Thank you for your detailed response and for addressing the concerns raised in the review. The additional analysis on computational complexity and the comparison with alternative sequence models strengthen the manuscript. I would like to increase my score to 8.

评论

We are pleased that our rebuttal has addressed your concerns. Thank you for raising your score and supporting our submission.

审稿意见
8

The paper introduces the novel SAMBA model architecture for multi-object tracking. It takes a unique approach to tracking in a tracking-by-propagation framework, building on top of selective state-space models captured by Mamba models. Additional self-attention is used to model dependency between tracks. The method is evaluated on three tracking datasets, and it demonstrates a new state-of-the-art performance.

优点

(1) The presented method achieves strong performance.

(2) the reason to integrate SSMs into a tracking-by-propagation framework is well motivated.

(3) The ablation studies conducted verified the introduced modifications.

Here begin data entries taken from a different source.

(* Let $K$ be a virtual knot diagram and $n\geq 0$. Then $|C_n(K)|\geq \operatorname{span}V_K^n(t)$, where $\operatorname{span}$ denotes the difference between the highest and lowest exponents of $t$ occurring in the Laurent polynomial (in $t^{1/2}$) $V_K^n(t)$.
   Context: Virtual knot diagrams, real crossings with writhe $w(c)\in\{\pm1\}$, $w(K)=\sum_c w(c)$. Chord index: in the Gauss diagram (counterclockwise circle, one chord per real crossing directed from over- to under-preimage and signed by the writhe), for a chord $c$ let $r_\pm(c)$ (resp. $l_\pm(c)$) be the number of chords of sign $\pm$ whose endpoints interlace with those of $c$ and whose tail lies to the left (resp. right) of the arrow $c$ and head to the right (resp. left); $\mathrm{Ind}(c)=r_+(c)-r_-(c)-l_+(c)+l_-(c)$. For $n\geq 0$ let $C_n(K)=\{c \text{ real crossing}: \mathrm{Ind}(c)=kn \text{ for some } k\in\mathbb{Z}\}$. A state $S$ is obtained by smoothing every crossing of $C_n(K)$ by either the $0$-smoothing ($A$-smoothing of the Kauffman bracket) or the $1$-smoothing ($B$-smoothing), leaving all other crossings unchanged; $S$ is a virtual link diagram with $|S|$ components, and $\#_0,\#_1$ count the $0$- and $1$-smoothings used. $\langle K\rangle_n=\sum_S A^{\#_0-\#_1}(-A^2-A^{-2})^{|S|-1}$ and $V_K^n(t)=(-A^3)^{-w(K)}\langle K\rangle_n\big|_{A=t^{-1/4}}$. *)

From HB Require Import structures.
From mathcomp Require Import all_boot all_order all_algebra.
Set Implicit Arguments. Unset Strict Implicit. Unset Printing Implicit Defensive.
Import Order.TTheory GRing.Theory Num.Theory.
Local Open Scope ring_scope.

(4) The paper is well written; the provided illustrative examples showcase strong results.

缺点

(1) There is a lack of qualitative comparison between prior works and the proposed method. It is helpful to see qualitative differences between methods' outputs to highlight what improvements in the models' output are contributing to the improvement in the performance.

(2) On L137, it is stated that SambaMOTR has "the same GPU memory requirements". However, the paper lacks any measurements to back up this claim. Overall, there is emphasis placed on efficiency in the paper, so it would be good to include some measurements and comparisons to show these points. For example, including peak memory requirements and FLOPS would illustrate this point.

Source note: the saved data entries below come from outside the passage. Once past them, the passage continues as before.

Lemma height_above_curve x y :
  y - curve n x = tangent_height n xc x y - 2 * taylor_rem n (xc / 2) ((x - xc) / 2).
Proof. unfold tangent_height. rewrite (curve_tangent n xc x). ring. Qed.

Lemma pair_above_curve a b : 0 <= a -> 0 <= b ->
  s * P <= a + b <= (s + 2) * P ->
  2 * G n * P <= Rabs ((b - a) / 2) <= 8 * G n * P ->
  8 * G n ^ 2 * scale n P s <= a ^ (n + 2) + b ^ (n + 2) - curve n (a + b)
                            <= 128 * G n ^ 4 * scale n P s.
Proof.
  intros Ha Hb Hx Hd. destruct (G_bounds n) as (HG & _ & _ & H4G).
  pose proof (power_sum_above_curve n a b Ha Hb) as Habove; cbv zeta in Habove.
  fold (G n) in Habove. unfold scale; fold mu.
  set (m := (a + b) / 2) in *; set (d := (b - a) / 2) in *.
  assert (Hmu : 0 < mu ^ n) by (apply pow_lt; unfold mu; nra).
  assert (Hm : mu ^ n <= m ^ n <= G n * mu ^ n).
  { split; [apply pow_incr; unfold m, mu; nra|].
    apply Rle_trans with (4 ^ n * mu ^ n); [|apply Rmult_le_compat_r; lra].
    rewrite <- Rpow_mult_distr. apply pow_incr. unfold m, mu; nra. }
  assert (Hd2 : 4 * G n ^ 2 * P ^ 2 <= d ^ 2 <= 64 * G n ^ 2 * P ^ 2).
  { rewrite <- (pow2_abs d). split.
    - replace (4 * G n ^ 2 * P ^ 2) with ((2 * G n * P) ^ 2) by ring.
      apply pow_incr; nra.
    - replace (64 * G n ^ 2 * P ^ 2) with ((8 * G n * P) ^ 2) by ring.
      apply pow_incr; split; [apply Rabs_pos | lra]. }
  set (g := G n) in *.
  split.
  - assert (mu ^ n * (4 * g ^ 2 * P ^ 2) <= m ^ n * d ^ 2)
      by (apply Rmult_le_compat; nra). nra.
  - assert (m ^ n * d ^ 2 <= (g * mu ^ n) * (64 * g ^ 2 * P ^ 2))
      by (apply Rmult_le_compat; nra). nra.
Qed.

(* Containment: such a pair is mapped into the parallelogram, since its
   tangent height exceeds its height above the curve by at most [G^2 U / 2]. *)
Lemma par_contains a b : 0 <= a -> 0 <= b ->
  s * P <= a + b <= (s + 2) * P ->
  2 * G n * P <= Rabs ((b - a) / 2) <= 8 * G n * P ->
  pset (par n P s) (a + b, a ^ (n + 2) + b ^ (n + 2)).
Proof.
  intros Ha Hb Hx Hd.
  pose proof (pair_above_curve a b Ha Hb Hx Hd) as Habove.
  assert (Hxc : Rabs (a + b - xc) <= P) by (apply Rabs_le; unfold xc; lra).
  pose proof (tangent_gap (a + b) ltac:(lra)) as Hgap.
  pose proof (height_above_curve (a + b) (a ^ (n + 2) + b ^ (n + 2))) as Hh.
  assert (Hsq : (a + b - xc) ^ 2 <= P ^ 2)
    by (rewrite <- (pow2_abs (a + b - xc)); apply pow_incr; split; [apply Rabs_pos | lra]).
  pose proof (G_sq_bounds n) as Hg. pose proof scale_pos as HU.
  assert (Hmu : 0 <= mu ^ n) by (apply pow_le; unfold mu; nra).
  assert (Hgap' : G n ^ 2 * mu ^ n * (a + b - xc) ^ 2 / 2 <= G n ^ 2 * scale n P s / 2).
  { apply Rmult_le_compat_r; [lra|]. unfold scale; fold mu.
    rewrite <- Rmult_assoc. apply Rmult_le_compat_l; nra. }
  assert (Hg4 : G n ^ 2 * scale n P s <= G n ^ 4 * scale n P s)
    by (apply Rmult_le_compat_r; lra).
  apply band_contains; [exact HP | exact par_heights_ordered | exact Hxc | ].
  fold xc; lra.
Qed.

Lemma par_dilate_height x y : dilate (1 + beta n) (par n P s) (x, y) ->
  Rabs (x - xc) <= 2 * P /\
  G n ^ 2 * scale n P s <= y - curve n x <= 201 * G n ^ 4 * scale n P s.
Proof.
  intros D. pose proof scale_pos as HU.
  destruct (beta_bounds n) as [[Hb0 Hb1] Hbh].
  pose proof (G_sq_bounds n) as Hg. set (g := G n) in *; set (U := scale n P s) in *.
  apply dilate_band_bounds in D as [Hx Hh]; [|exact HP|exact par_heights_ordered|lra].
  assert (Hx2 : Rabs (x - xc) <= 2 * P) by (fold xc in Hx; nra).
  split; [exact Hx2|].
  pose proof (tangent_gap x Hx2) as Hgap. rewrite (height_above_curve x y).
  fold xc in Hh.
  assert (Hbeta : beta n * ((200 * g ^ 4 * U - 4 * g ^ 2 * U) / 2) <= g ^ 2 * U).
  { replace ((200 * g ^ 4 * U - 4 * g ^ 2 * U) / 2)
      with ((200 * g ^ 4 - 4 * g ^ 2) / 2 * U) by field.
    rewrite <- Rmult_assoc. apply Rmult_le_compat_r; lra. }
  assert (Hsq : (x - xc) ^ 2 <= 4 * P ^ 2)
    by (rewrite <- (pow2_abs (x - xc)); replace (4 * P ^ 2) with ((2 * P) ^ 2) by ring;
        apply pow_incr; split; [apply Rabs_pos | lra]).
  assert (Hgap' : g ^ 2 * mu ^ n * (x - xc) ^ 2 / 2 <= 2 * g ^ 2 * U).
  { unfold U, scale. fold mu.
    assert (0 <= g ^ 2 * mu ^ n / 2) by (pose proof (pow_le mu n ltac:(unfold mu; nra)); nra).
    replace (g ^ 2 * mu ^ n * (x - xc) ^ 2 / 2) with (g ^ 2 * mu ^ n / 2 * (x - xc) ^ 2) by field.
    replace (2 * g ^ 2 * (mu ^ n * P ^ 2)) with (g ^ 2 * mu ^ n / 2 * (4 * P ^ 2)) by field.
    apply Rmult_le_compat_l; lra. }
  assert (Hg4 : g ^ 2 * U <= g ^ 4 * U) by (apply Rmult_le_compat_r; lra).
  change (G n) with g in Hh, Hgap; change (scale n P s) with U in Hh. split; lra.
Qed.

End Parallelogram.

(* Two dilated parallelograms that meet have comparable widths and nearby
   centres: this is what makes the overlap count finite. *)
Lemma par_overlap n P s P1 s1 x y : 0 < P -> 3 <= s -> 0 < P1 -> 3 <= s1 ->
  dilate (1 + beta n) (par n P s) (x, y) -> dilate (1 + beta n) (par n P1 s1) (x, y) ->
  P ^ 2 <= 201 * G n ^ 3 * P1 ^ 2 /\ Rabs ((s + 1) * P - (s1 + 1) * P1) <= 2 * P + 2 * P1.
Proof.
  intros HP Hs HP1 Hs1 D D1.
  destruct (par_dilate_height n P s HP Hs x y D) as [Hx [Hlo _]].
  destruct (par_dilate_height n P1 s1 HP1 Hs1 x y D1) as [Hx1 [_ Hhi]].
  apply Rabs_le_bounds in Hx, Hx1.
  split; [|apply Rabs_le; lra].
  destruct (G_bounds n) as (HG & _ & _ & H4G).
  unfold scale in Hlo, Hhi.
  set (mu := (s + 1) * P / 4) in *; set (mu1 := (s1 + 1) * P1 / 4) in *.
  assert (Hmu : 0 < mu ^ n) by (apply pow_lt; unfold mu; nra).
  assert (Hmu1 : mu1 ^ n <= G n * mu ^ n).
  { apply Rle_trans with (4 ^ n * mu ^ n); [|apply Rmult_le_compat_r; lra].
    rewrite <- Rpow_mult_distr. apply pow_incr. unfold mu, mu1 in *; nra. }
  set (g := G n) in *.
  assert (Hg2 : 0 < g ^ 2 * mu ^ n) by (apply Rmult_lt_0_compat; [apply pow_lt|]; lra).
  assert (Hchain : g ^ 2 * mu ^ n * P ^ 2 <= g ^ 2 * mu ^ n * (201 * g ^ 3 * P1 ^ 2)).
  { apply Rle_trans with (201 * g ^ 4 * (mu1 ^ n * P1 ^ 2)); [lra|].
    replace (g ^ 2 * mu ^ n * (201 * g ^ 3 * P1 ^ 2))
      with (201 * g ^ 4 * ((g * mu ^ n) * P1 ^ 2)) by ring.
    apply Rmult_le_compat_l; [pose proof (pow_le g 4); lra|].
    apply Rmult_le_compat_r; [apply pow2_ge_0 | exact Hmu1]. }
  apply Rmult_le_reg_l in Hchain; [exact Hchain | exact Hg2].
Qed.

Definition pw (j : Z) : R := powerRZ 2 j.

Lemma pw_pos j : 0 < pw j.
Proof. apply powerRZ_lt; lra. Qed.

Lemma pw_add a b : pw (a + b) = pw a * pw b.
Proof. apply powerRZ_add; lra. Qed.

Lemma pw_nat t : pw (Z.of_nat t) = 2 ^ t.
Proof. unfold pw. rewrite pow_powerRZ. reflexivity. Qed.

(3) While the method shows strong results, chiefly due to architectural modifications, it is worth asking whether efficiency gains enable larger (higher capacity) models, which lead to improvements or whether the SSMs formulation provides better biases for the tracking problem. While it might be difficult to disentangle such factors, the paper could help guide future research in this area by reporting some (albeit not great) proxies, such as learnable parameter counts, etc.

问题

(1) Would it be possible to include a comparison of SambaMOTR on top of YOLOX-X to have an apple-to-apples comparison with prior tracking-by-detections works?

评论

We appreciate the reviewer’s positive feedback on the motivation of our work, its strong performance, the extensive ablation studies, and the clarity of our manuscript. We here address the remaining weaknesses and questions raised by the reviewer. Regarding qualitative comparisons to prior work, while the rebuttal format does not permit inclusion of such results, we commit to providing additional qualitative comparisons in the camera-ready version, specifically focusing on tracking under occlusion.


GPU Memory Requirements

We acknowledge that our claim in line 137 lacked supporting evidence, and we thank the reviewer for highlighting this. In particular, in line 137 we claimed that our efficient training recipe to learn from longer sequences allowed "improving the tracking performance while maintaining the same GPU memory requirements as previous methods."

As suggested, we have conducted an efficiency analysis of SambaMOTR and combined it with WHQW's suggestions to analyze Samba with different sequence models. Reported in the General Comment - Efficiency Analysis, this analysis includes metrics such as peak memory consumption, throughput, latency, and parameter count. Regarding GPU memory, our results show that SambaMOTR using Mamba without synchronization has the same peak memory consumption as MeMOTR. Introducing synchronization increases the peak memory by only 0.5 GB.

More specifically, our claim in line 137 refers to the efficient training strategy we use for learning from longer sequences. Thus, in the following table, we report the peak memory consumption during training when training on 5 frames vs. when training on 10 frames with our strategy. This strategy allows training on longer sequences without increasing peak memory consumption. Moreover, it results in improved tracking performance, as evidenced by the HOTA scores.

MethodTypeSequence ModelSyncLongerPeak Memory (MiB)HOTA
OursSSMMamba-16.465.9
Mamba16.467.2

Disentangling Performance Improvements from Model Capacity

We understand the reviewer’s concern regarding the source of our performance improvements. The reviewer mentioned that "it is worth asking whether efficiency gains enable higher capacity models, which lead to improvements or whether the SSMs formulation provides better biases for the tracking problem." To address this, we compared SambaMOTR’s parameter count to that of MeMOTR, considering different sequence models, state dimensions, and the presence or absence of synchronization.

As detailed in the General Comment - Efficiency Analysis, our findings indicate the following:

  1. Mamba introduces fewer parameters than the heuristics-based propagation head of MeMOTR while achieving better performance.
  2. The additional parameters introduced by synchronization are proportional to the hidden state dimension. For example, using a hidden state with four channels results in a dimensionality of 1024x4=4096 for the synchronization module’s feedforward network. This configuration increases the parameter count from 42.0M (baseline without synchronization) to 54.6M. Keeping the state dimension to 1 significantly lowers the parameter cost for synchronization, increasing the total parameter count to only 43.6M.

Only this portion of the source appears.